Personal information
- Nicknames: Ingo; The Hammer of Thor;
- Born: Jens Ingemar Johansson 22 September 1932 Gothenburg, Sweden
- Died: 30 January 2009 (aged 76) Kungsbacka, Sweden
- Height: 183 cm (6 ft 0 in)
- Weight: Heavyweight

Boxing career
- Reach: 178 cm (70 in)
- Stance: Orthodox

Boxing record
- Total fights: 28
- Wins: 26
- Win by KO: 17
- Losses: 2

Medal record
Men's amateur boxing
Representing Sweden
Olympic Games
| Silver medal – second place | 1952 Helsinki | Heavyweight |

= Ingemar Johansson =

Swedish boxer (1932–2009)

Jens Ingemar "Ingo" Johansson (Note: According to the Swedish Tax Agency, Johansson was registered as Jens Ingmar Johansson.) (/sv/; 22 September 1932 – 30 January 2009) was a Swedish professional boxer who competed from 1952 to 1963. He held the world heavyweight title from 1959 to 1960 and was the fifth heavyweight champion born outside the United States. Johansson won the title by defeating Floyd Patterson via third-round stoppage, after flooring him seven times in that round. For this achievement, Johansson was awarded the Hickok Belt as top professional athlete of the year—the only non-American in its entire 27-year first run—and was named the Associated Press Male Athlete of the Year and Sports Illustrated Sportsman of the Year.
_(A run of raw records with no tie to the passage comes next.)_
(* Consider a run of the algorithm CTG (defined in the context), with $f(\emptyset)=0$, in which the events $\mathcal{E}_1,\mathcal{E}_2,\mathcal{E}_3$ (defined in the context) all hold. Then whenever an element $s$ is added to the solution set $S$ (with $S$ denoting the solution set just before the addition), $$\Delta f(S,s)\ge\frac{1-\alpha}{\kappa}\big(f(OPT)-f(S)\big)-2\epsilon.$$
   Context: Let $U$ be a finite ground set with $|U|=n$, and let $f:2^U\to\mathbb{R}_{\geq 0}$ be monotone and submodular. For $X\subseteq U$, $u\in U$, write $\Delta f(X,u)=f(X\cup\{u\})-f(X)$. Let $\kappa$ be a positive integer and let $OPT$ be an optimal solution of $\max\{f(X): X\subseteq U,|X|\le\kappa\}$. There is no value oracle for $f$; instead, for any $X\subseteq U$, $u\in U$, one can draw independent samples from a distribution $\mathcal{D}(X,u)$ with $\mathbb{E}[\mathcal{D}(X,u)]=\Delta f(X,u)$ and all samples lying in $[0,R]$; all samples drawn are independent. Logarithms are natural; $h(\alpha)=\log(\kappa/\alpha)/\alpha$. For a call of CS on $(S,u)$, regard its samples as initial terms of an infinite i.i.d. sequence from $\mathcal{D}(S,u)$ and let $\widehat{\Delta f_t}(S,u)$ be the average of the first $t$ terms. Procedure CS$(w,\epsilon,\delta,S,u)$: let $N_2=R^2\log(6nh(\alpha)/\delta)/(2\epsilon^2)$. For $t=1,2,\dots,N_2$: draw the $t$-th sample, update $\widehat{\Delta f_t}(S,u)$, set $C_t=R\sqrt{\log(12nh(\alpha)t^2/\delta)/(2t)}$; if $\widehat{\Delta f_t}(S,u)-C_t\ge w-\epsilon$ return true; else if $\widehat{\Delta f_t}(S,u)+C_t\le w+\epsilon$ return false. If the loop completes, return true iff $\widehat{\Delta f_{N_2}}(S,u)\ge w$. Algorithm CTG$(\epsilon,\delta,\alpha)$ with $\epsilon,\delta,\alpha\in(0,1)$: let $N_1=R^2\log(6n/\delta)/(2\epsilon^2)$. For each $s\in U$ let $\hat f(s)$ be the mean of $N_1$ samples from $\mathcal{D}(\emptyset,s)$, and let $d=\max_{s\in U}\hat f(s)$. Set $w\gets d$, $S\gets\emptyset$. While $w>\alpha d/\kappa$: for each $u\in U$ in turn, if $|S|<\kappa$, call CS$(w,\epsilon,\delta,S,u)$ and if it returns true set $S\gets S\cup\{u\}$; after the pass set $w\gets w(1-\alpha)$. Return $S$. Events: $\mathcal{E}_1$: $\max_{s\in U}f(\{s\})-\epsilon\le d\le\max_{s\in U}f(\{s\})+\epsilon$. $\mathcal{E}_2$: for every call of CS on a pair $(S,u)$ and every $t\in\mathbb{N}_+$, $|\widehat{\Delta f_t}(S,u)-\Delta f(S,u)|\le C_t$. $\mathcal{E}_3$: for every call of CS on a pair $(S,u)$, $|\widehat{\Delta f_{N_2}}(S,u)-\Delta f(S,u)|\le\epsilon$. *)

From HB Require Import structures.
From mathcomp Require Import all_boot all_order all_algebra.
From mathcomp Require Import all_classical all_reals all_analysis.
Set Implicit Arguments. Unset Strict Implicit. Unset Printing Implicit Defensive.
Import Order.TTheory GRing.Theory Num.Theory.
Local Open Scope ring_scope.

(* Deterministic model of a run of CTG: all randomness is given by the sample
   values that were drawn.  [init s i] is the (i+1)-th sample from D(emptyset,s)
   used in the initial estimation; [smp k t] is the (t+1)-th term of the
   (infinite i.i.d.) sample sequence of the k-th call of CS made by the run
   (calls numbered 0,1,2,... in execution order). *)

Section CTG.
Variable R : realType.
Variable U : finType.

Definition Delta (f : {set U} -> R) (X : {set U}) (u : U) : R := f (u |: X) - f X.

Definition monotone_set (f : {set U} -> R) :=
  forall A B : {set U}, A \subset B -> f A <= f B.
Definition submodular (f : {set U} -> R) :=
  forall A B : {set U}, f (A :|: B) + f (A :&: B) <= f A + f B.

(* smallest natural number >= x (0 if x <= 0) *)
Definition natceil (x : R) : nat := Num.truncn ((Num.ceil x)%:~R : R).

Definition avg (x : nat -> R) (t : nat) : R := (\sum_(i < t) x i) / t%:R.

Variables (kappa : nat) (eps delta alpha Rg : R).

Definition nU : R := #|U|%:R.
Definition h : R := ln (kappa%:R / alpha) / alpha.
Definition N1 : R := Rg ^+ 2 * ln (6 * nU / delta) / (2 * eps ^+ 2).
Definition N2 : R := Rg ^+ 2 * ln (6 * nU * h / delta) / (2 * eps ^+ 2).
Definition N1n : nat := natceil N1.
Definition N2n : nat := natceil N2.
Definition Ct (t : nat) : R :=
  Rg * Num.sqrt (ln (12 * nU * h * (t%:R) ^+ 2 / delta) / (2 * t%:R)).

(* The procedure CS(w, eps, delta, S, u) run on the sample sequence x.
   [cs_iter k t] performs iterations t, t+1, ..., t+k-1 of the loop. *)
Fixpoint cs_iter (w : R) (x : nat -> R) (k t : nat) : bool :=
  match k with
  | 0 => w <= avg x N2n
  | k'.+1 =>
      if w - eps <= avg x t - Ct t then true
      else if avg x t + Ct t <= w + eps then false
      else cs_iter w x k' t.+1
  end.
Definition CS (w : R) (x : nat -> R) : bool := cs_iter w x N2n 1.

Variables (ord : seq U) (init : U -> nat -> R) (smp : nat -> nat -> R).

(* estimates of f({s}) and d *)
Definition fhat (s : U) : R := avg (init s) N1n.
Definition dd : R := \big[Num.max/0]_(s : U) fhat s.

Definition wj (j : nat) : R := dd * (1 - alpha) ^+ j.
(* pass j is executed iff the while-guard held before passes 0..j *)
Definition executed (j : nat) : Prop :=
  forall i, (i <= j)%N -> alpha * dd / kappa%:R < wj i.

(* state: current solution and number of CS calls made so far *)
Record st := St { cur : {set U}; cnt : nat }.

Definition step (w : R) (s : st) (u : U) : st :=
  if (#|cur s| < kappa)%N then
    St (if CS w (smp (cnt s)) then u |: cur s else cur s) (cnt s).+1
  else s.

Definition run_pass (w : R) (s : st) : st := foldl (step w) s ord.

Fixpoint before_pass (j : nat) : st :=
  match j with
  | 0 => St (finset.set0 : {set U}) 0
  | j'.+1 => run_pass (wj j') (before_pass j')
  end.

(* [call k S u w]: during the run, the k-th call of CS is CS(w,eps,delta,S,u) *)
Definition call (k : nat) (S : {set U}) (u : U) (w : R) : Prop :=
  exists j pre post,
    [/\ executed j, ord = pre ++ u :: post, w = wj j &
      [/\ S = cur (foldl (step w) (before_pass j) pre),
        k = cnt (foldl (step w) (before_pass j) pre) &
        (#|S| < kappa)%N]].

(* [added S u]: during the run, u is added to the solution set, whose value
   just before the addition is S *)
Definition added (S : {set U}) (u : U) : Prop :=
  exists k w, call k S u w /\ CS w (smp k).

Variable f : {set U} -> R.

Definition E1 : Prop :=
  let M := \big[Num.max/0]_(s : U) f [set s] in M - eps <= dd <= M + eps.
Definition E2 : Prop :=
  forall k S u w, call k S u w ->
    forall t : nat, (0 < t)%N -> `|avg (smp k) t - Delta f S u| <= Ct t.
Definition E3 : Prop :=
  forall k S u w, call k S u w -> `|avg (smp k) N2n - Delta f S u| <= eps.

End CTG.

(* When CTG adds s to S during the pass with threshold w, the sequential test
   certifies Delta f S s >= w - eps.  Every other element o has marginal gain at
   most w / (1 - alpha) + eps: either o was rejected by the test in the previous
   pass, whose threshold is w / (1 - alpha), at a state contained in S, and
   submodularity lets the rejection bound pass to S; or w is the first threshold
   d, which exceeds every singleton value by at most eps.  Summing over OPT,
   f OPT - f S <= kappa (w / (1 - alpha) + eps), which rearranges to the claim. *)

From HB Require Import structures.
From mathcomp Require Import all_boot all_order all_algebra.
From mathcomp Require Import all_classical all_reals all_analysis.
From mathcomp Require Import fintype finset lra.
Import Order.TTheory GRing.Theory Num.Theory.
Local Open Scope ring_scope.

Section Marginals.
Context {R : realType} {U : finType} {f : {set U} -> R}.
Hypotheses (f_mono : monotone_set f) (f_sub : submodular f).

Lemma Delta_mem (X : {set U}) (o : U) : o \in X -> Delta f X o = 0.
Proof. by move=> oX; rewrite /Delta (setUidPr _) ?subrr ?sub1set. Qed.

Lemma Delta_ge0 (X : {set U}) (o : U) : 0 <= Delta f X o.
Proof. by rewrite subr_ge0 f_mono // subsetUr. Qed.

Lemma Delta_antitone (o : U) {A B : {set U}} : A \subset B -> Delta f B o <= Delta f A o.
Proof.
move=> AB; have [oB | oB] := boolP (o \in B); first by rewrite Delta_mem ?Delta_ge0.
have := f_sub (o |: A) B.
rewrite -setUA (setUidPr AB) setIUl (setIidPl AB) disjoint_setI0 ?disjoints1 //.
by rewrite set0U /Delta; lra.
Qed.

Lemma gain_le_sum_Delta (S : {set U}) (l : seq U) :
  f (S :|: [set x in l]) - f S <= \sum_(o <- l) Delta f S o.
Proof.
elim: l => [|a l IHl]; first by rewrite big_nil (setUidPl (sub0set _)) subrr.
rewrite big_cons.
have -> : S :|: [set x in a :: l] = a |: (S :|: [set x in l]).
  by apply/setP => x; rewrite !inE orbCA.
have := Delta_antitone a (subsetUl S [set x in l]).
rewrite /Delta in IHl * => Da; lra.
Qed.

Lemma gain_le_card_mul (S T : {set U}) (B : R) :
  (forall o, Delta f S o <= B) -> f (S :|: T) - f S <= #|T|%:R * B.
Proof.
move=> DB; have := gain_le_sum_Delta S (enum T).
rewrite set_enum => /le_trans; apply.
by rewrite big_enum mulr_natl -sumr_const; apply: ler_sum => o _.
Qed.

End Marginals.

Section SequentialTest.
Context {R : realType} {U : finType} {kappa : nat} {eps delta alpha Rg : R}.
Context {w D : R} {x : nat -> R}.
Hypothesis x_anytime : forall t, (0 < t)%N -> `|avg x t - D| <= Ct U kappa delta alpha Rg t.
Hypothesis x_final : `|avg x (N2n U kappa eps delta alpha Rg) - D| <= eps.

Lemma cs_iter_sound (k : nat) {t : nat} : (0 < t)%N ->
  (cs_iter U kappa eps delta alpha Rg w x k t -> w - eps <= D) /\
  (~~ cs_iter U kappa eps delta alpha Rg w x k t -> D <= w + eps).
Proof.
elim: k t => [|k IHk] t t_gt0 /=.
  by move: x_final; rewrite ler_norml -ltNge => /andP[? ?]; split=> ?; lra.
move: (x_anytime _ t_gt0); rewrite ler_norml => /andP[? ?].
case: ifP => [? | _]; first by split=> // _; lra.
case: ifP => [? | _]; first by split=> // _; lra.
exact: IHk.
Qed.

Lemma CS_lower : CS U kappa eps delta alpha Rg w x -> w - eps <= D.
Proof. exact: (cs_iter_sound _ (ltn0Sn 0)).1. Qed.

Lemma CS_upper : ~~ CS U kappa eps delta alpha Rg w x -> D <= w + eps.
Proof. exact: (cs_iter_sound _ (ltn0Sn 0)).2. Qed.

End SequentialTest.

Section Run.
Variables (R : realType) (U : finType) (f : {set U} -> R).
Variables (kappa : nat) (eps delta alpha Rg : R).
Variables (ord : seq U) (init : U -> nat -> R) (smp : nat -> nat -> R).

Local Notation step := (step kappa eps delta alpha Rg smp).
Local Notation before_pass := (before_pass kappa eps delta alpha Rg ord init smp).
Local Notation executed := (executed kappa eps delta alpha Rg init).
Local Notation call := (call kappa eps delta alpha Rg ord init smp).
Local Notation CS := (CS U kappa eps delta alpha Rg).
Local Notation dd := (dd eps delta Rg init).
Local Notation wj := (wj eps delta alpha Rg init).

Lemma cur_foldl_step_sub (w : R) (s : st U) (l : seq U) :
  cur s \subset cur (foldl (step w) s l).
Proof.
elim: l s => [|u l IHl] s /=; first exact: subxx.
apply: subset_trans (IHl _); rewrite /step.
by case: ifP => //= _; case: ifP => //= _; exact: subsetUr.
Qed.

Lemma cur_step_prefix_sub (w : R) (s : st U) (pre post : seq U) (u : U) :
  cur (step w (foldl (step w) s pre) u) \subset cur (foldl (step w) s (pre ++ u :: post)).
Proof. by rewrite foldl_cat; apply: cur_foldl_step_sub. Qed.

Lemma dd_ge0 : 0 <= dd.
Proof. exact: bigmax_ge_id. Qed.

Hypotheses (alpha_ge0 : 0 <= alpha) (alpha_lt1 : alpha < 1) (eps_ge0 : 0 <= eps).

Lemma wj_ge0 (j : nat) : 0 <= wj j.
Proof. by rewrite mulr_ge0 ?dd_ge0 ?exprn_ge0 ?subr_ge0 ?ltW. Qed.

Lemma wjS (j : nat) : wj j.+1 = wj j * (1 - alpha).
Proof. by rewrite /wj exprSr mulrA. Qed.

Hypotheses (f_mono : monotone_set f) (f_sub : submodular f).
Hypothesis ord_perm : perm_eq ord (enum U).
Hypotheses (E2h : E2 kappa eps delta alpha Rg ord init smp f)
  (E3h : E3 kappa eps delta alpha Rg ord init smp f).

(* An element missing after pass j was tested and rejected during it, unless the
   solution was already full, which the cardinality hypothesis excludes. *)
Lemma Delta_after_pass_le (j : nat) (o : U) :
  executed j -> (#|cur (before_pass j.+1)| < kappa)%N ->
  o \notin cur (before_pass j.+1) ->
  Delta f (cur (before_pass j.+1)) o <= wj j + eps.
Proof.
move=> ex_j full_lt o_out.
have [pre [post def_ord]] : exists pre post, ord = pre ++ o :: post.
  have : o \in ord by rewrite (perm_mem ord_perm) mem_enum.
  by case/splitPr => pre post; exists pre, post.
set s := foldl (step (wj j)) (before_pass j) pre.
have step_sub : cur (step (wj j) s o) \subset cur (before_pass j.+1).
  by have := cur_step_prefix_sub (wj j) (before_pass j) pre post o; rewrite -def_ord.
have s_sub : cur s \subset cur (before_pass j.+1).
  exact: subset_trans (cur_foldl_step_sub _ s [:: o]) step_sub.
have s_lt : (#|cur s| < kappa)%N := leq_ltn_trans (subset_leq_card s_sub) full_lt.
have s_call : call (cnt s) (cur s) o (wj j) by exists j, pre, post.
have rejected : ~~ CS (wj j) (smp (cnt s)).
  apply: contra o_out => accepted; apply: (subsetP step_sub).
  by rewrite /step s_lt accepted setU11.
apply: le_trans (Delta_antitone f_mono f_sub o s_sub) _.
exact: CS_upper (E2h _ _ _ _ s_call) (E3h _ _ _ _ s_call) rejected.
Qed.

Hypotheses (f0 : f set0 = 0) (E1h : E1 eps delta Rg init f).

Lemma Delta_le_dd (S : {set U}) (o : U) : Delta f S o <= dd + eps.
Proof.
apply: le_trans (Delta_antitone f_mono f_sub o (sub0set S)) _.
rewrite /Delta setU0 f0 subr0.
have := le_bigmax 0 (fun s => f [set s]) o.
by move: E1h; rewrite /E1 /= => /andP[? _]; lra.
Qed.

Lemma Delta_call_le (k : nat) (S : {set U}) (u : U) (w : R) (o : U) :
  call k S u w -> Delta f S o <= w / (1 - alpha) + eps.
Proof.
case=> j [pre [post [ex_j _ -> [S_eq _ S_lt]]]].
have bp_sub : cur (before_pass j) \subset S by rewrite S_eq cur_foldl_step_sub.
have [oS | oNS] := boolP (o \in S).
  by rewrite Delta_mem // addr_ge0 // divr_ge0 ?wj_ge0 // subr_ge0 ltW.
case: j ex_j S_eq bp_sub => [|j] ex_j _ bp_sub.
  apply: le_trans (Delta_le_dd S o) _; rewrite lerD2r /wj expr0 mulr1.
  by rewrite ler_pdivlMr ?subr_gt0 // ler_piMr ?dd_ge0 // lerBlDr lerDl.
rewrite wjS mulfK ?subr_eq0 1?eq_sym ?lt_eqF //.
apply: le_trans (Delta_antitone f_mono f_sub o bp_sub) _.
apply: Delta_after_pass_le.
- by move=> i le_ij; apply: ex_j; apply: leqW.
- exact: leq_ltn_trans (subset_leq_card bp_sub) S_lt.
- by apply: contra oNS; apply: subsetP.
Qed.

End Run.

Theorem lemma5 (R : realType) (U : finType) (f : {set U} -> R)
  (kappa : nat) (eps delta alpha Rg : R) (OPT : {set U})
  (ord : seq U) (init : U -> nat -> R) (smp : nat -> nat -> R) :
  (forall X, 0 <= f X) -> monotone_set f -> submodular f -> f (finset.set0 : {set U}) = 0 ->
  (0 < kappa)%N ->
  (#|OPT| <= kappa)%N -> (forall X : {set U}, (#|X| <= kappa)%N -> f X <= f OPT) ->
  0 < eps < 1 -> 0 < delta < 1 -> 0 < alpha < 1 -> 0 < Rg ->
  perm_eq ord (enum U) ->
  (forall s i, 0 <= init s i <= Rg) -> (forall k t, 0 <= smp k t <= Rg) ->
  E1 eps delta Rg init f ->
  E2 kappa eps delta alpha Rg ord init smp f ->
  E3 kappa eps delta alpha Rg ord init smp f ->
  forall (S : {set U}) (s : U),
    added kappa eps delta alpha Rg ord init smp S s ->
    Delta f S s >= (1 - alpha) / kappa%:R * (f OPT - f S) - 2 * eps.
Proof.
move=> _ f_mono f_sub f0 kappa_gt0 OPT_card _ /andP[eps_gt0 _] _ /andP[alpha_gt0 alpha_lt1] _
  ord_perm _ _ E1h E2h E3h S s [k [w [s_call accepted]]].
have lower : w - eps <= Delta f S s.
  exact: CS_lower (E2h _ _ _ _ s_call) (E3h _ _ _ _ s_call) accepted.
pose B := w / (1 - alpha) + eps.
have upper o : Delta f S o <= B.
  by apply: Delta_call_le s_call => //; apply: ltW.
have gap : f OPT - f S <= kappa%:R * B.
  have B_ge0 : 0 <= B := le_trans (Delta_ge0 f_mono S s) (upper s).
  have := gain_le_card_mul f_mono f_sub S OPT B upper.
  have := f_mono _ _ (subsetUr S OPT).
  have : #|OPT|%:R * B <= kappa%:R * B by rewrite ler_wpM2r // ler_nat.
  lra.
have : (1 - alpha) / kappa%:R * (f OPT - f S) <= (1 - alpha) * B.
  by rewrite -mulrA ler_pM2l ?subr_gt0 // ler_pdivrMl ?ltr0n.
have -> : (1 - alpha) * B = w + eps - alpha * eps.
  by rewrite mulrDr mulrC divfK ?subr_eq0 1?eq_sym ?lt_eqF // mulrBl mul1r addrA.
have : 0 <= alpha * eps by rewrite mulr_ge0 ?ltW.
lra.
Qed.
Johansson also held the EBU European Heavyweight Champion title twice, from 1956 to 1958 and from 1962 to 1963. As an amateur he won a silver medal in the heavyweight division at the 1952 Summer Olympics. He affectionately named his right fist "toonder and lightning" for its concussive power (it was also called "Ingo's bingo" and the "Hammer of Thor"), and in 2003 he was ranked at No. 99 on The Ring magazine's list of the 100 greatest punchers of all time.

==Professional career==
===Early years===
Johansson's introduction to the top rank of the sport was inauspicious. At age nineteen he was disqualified for passivity at the Helsinki 1952 Summer Olympics in the heavyweight competition in a fight against eventual Olympic gold medalist Ed Sanders. Johansson maintained he was not evading Sanders (who also got a warning for passivity), but rather was trying to tire his opponent. Johansson said he had been limited to a 10-day training camp, had only trained with newcomers, and had been told by his coach to let Sanders be the aggressor. Nevertheless, his silver medal was withheld for poor performance and presented to him only in 1982.
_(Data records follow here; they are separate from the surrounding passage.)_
(* Let $0\le k\le n$ and $\lambda,\mu\vdash n$. Then $$m\big((\lambda,\mu),\alpha_{H_n^k}\big)=\big\langle\chi_\lambda\downarrow^{S_n}_{S_{n-k}},\chi_\mu\downarrow^{S_n}_{S_{n-k}}\big\rangle_{S_{n-k}},$$ that is, $\alpha_{H_n^k}\cong\bigoplus_{\lambda,\mu\vdash n}\langle\chi_\lambda\downarrow^{S_n}_{S_{n-k}},\chi_\mu\downarrow^{S_n}_{S_{n-k}}\rangle\, S^\lambda\otimes S^\mu$.
   Context: Permutations are composed as functions, and $\pi\in S_n$ is identified with the permutation matrix whose $(i,j)$ entry is $1$ iff $i=\pi(j)$. For $A\in GL_n(\mathbb{Z}_2)$ let $\eta(A)$ (resp. $\theta(A)$) be the partition obtained by sorting the row sums (resp. column sums) of $A$, computed as integers, in weakly decreasing order. For $0\le k\le n$, $H_n^k=\{A\in GL_n(\mathbb{Z}_2)\mid \eta(A)=(n,n-1,\dots,n-k+1,1^{n-k}),\ \theta(A)=((k+1)^{n-k},k,k-1,\dots,1)\}$. $\alpha_{H_n^k}$ is the complex permutation representation of $S_n\times S_n$ on the space with basis $H_n^k$ given by $(\pi,\sigma)\bullet A=\pi A\sigma^{-1}$. $m((\lambda,\mu),\varphi)$ is the multiplicity of the irreducible $S_n\times S_n$-module $S^\lambda\otimes S^\mu$ in $\varphi$. $\chi_\lambda$ is the irreducible character of $S_n$ indexed by $\lambda$; $S_{n-k}$ is embedded in $S_n$ as the permutations fixing $1,\dots,k$; $\langle\cdot,\cdot\rangle_{S_{n-k}}$ is the standard inner product of class functions on $S_{n-k}$. *)

From HB Require Import structures.
From mathcomp Require Import all_boot all_order all_algebra all_fingroup all_field all_character.
Set Implicit Arguments. Unset Strict Implicit. Unset Printing Implicit Defensive.
Import Order.TTheory GRing.Theory Num.Theory.
Local Open Scope ring_scope.

(* Indices are 0-based: the paper's {1,...,n} is 'I_n = {0,...,n-1}. *)

Definition is_partition (n : nat) (l : seq nat) : bool :=
  [&& sorted geq l, all (fun x => 0 < x)%N l & sumn l == n].

Definition pmat (n : nat) (p : 'S_n) : 'M['F_2]_n :=
  \matrix_(i, j) (i == p j)%:R.

Definition row_sums (n : nat) (A : 'M['F_2]_n) : seq nat :=
  [seq (\sum_(j < n) (A i j : nat))%N | i <- enum 'I_n].
Definition col_sums (n : nat) (A : 'M['F_2]_n) : seq nat :=
  [seq (\sum_(i < n) (A i j : nat))%N | j <- enum 'I_n].

Definition eta (n : nat) (A : 'M['F_2]_n) : seq nat := sort geq (row_sums A).
Definition theta (n : nat) (A : 'M['F_2]_n) : seq nat := sort geq (col_sums A).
Johansson had earned his spot in the Olympics by winning the Swedish National Championship earlier the same year, 1952, after he knocked out his opponent in the first round of the final.

After the Olympics Johansson went into seclusion for six months and considered quitting boxing. However, he returned to the ring and turned professional under the guidance of the Swedish publisher and boxing promoter Edwin Ahlquist, subsequently winning his first 21 professional fights. He won the Scandinavian pro title by knocking down and outscoring the Dane Erik Jensen (breaking his right hand in the process). A broken hand and a one-year military service kept him out of the ring until late 1954. In August 1955, in his twelfth professional fight, Johansson knocked out former European Heavyweight Champion Hein ten Hoff in the first round. He took the Scandinavian heavyweight title in 1953 and, on 30 September 1956, he won the European Heavyweight title by scoring a 13th-round KO over Italy's Franco Cavicchi in Milan.

Johansson successfully defended his European crown against ranked heavyweights Henry Cooper (fifth-round KO on 19 May 1957) and Joe Erskine, with a TKO in round 13 on 21 February 1958.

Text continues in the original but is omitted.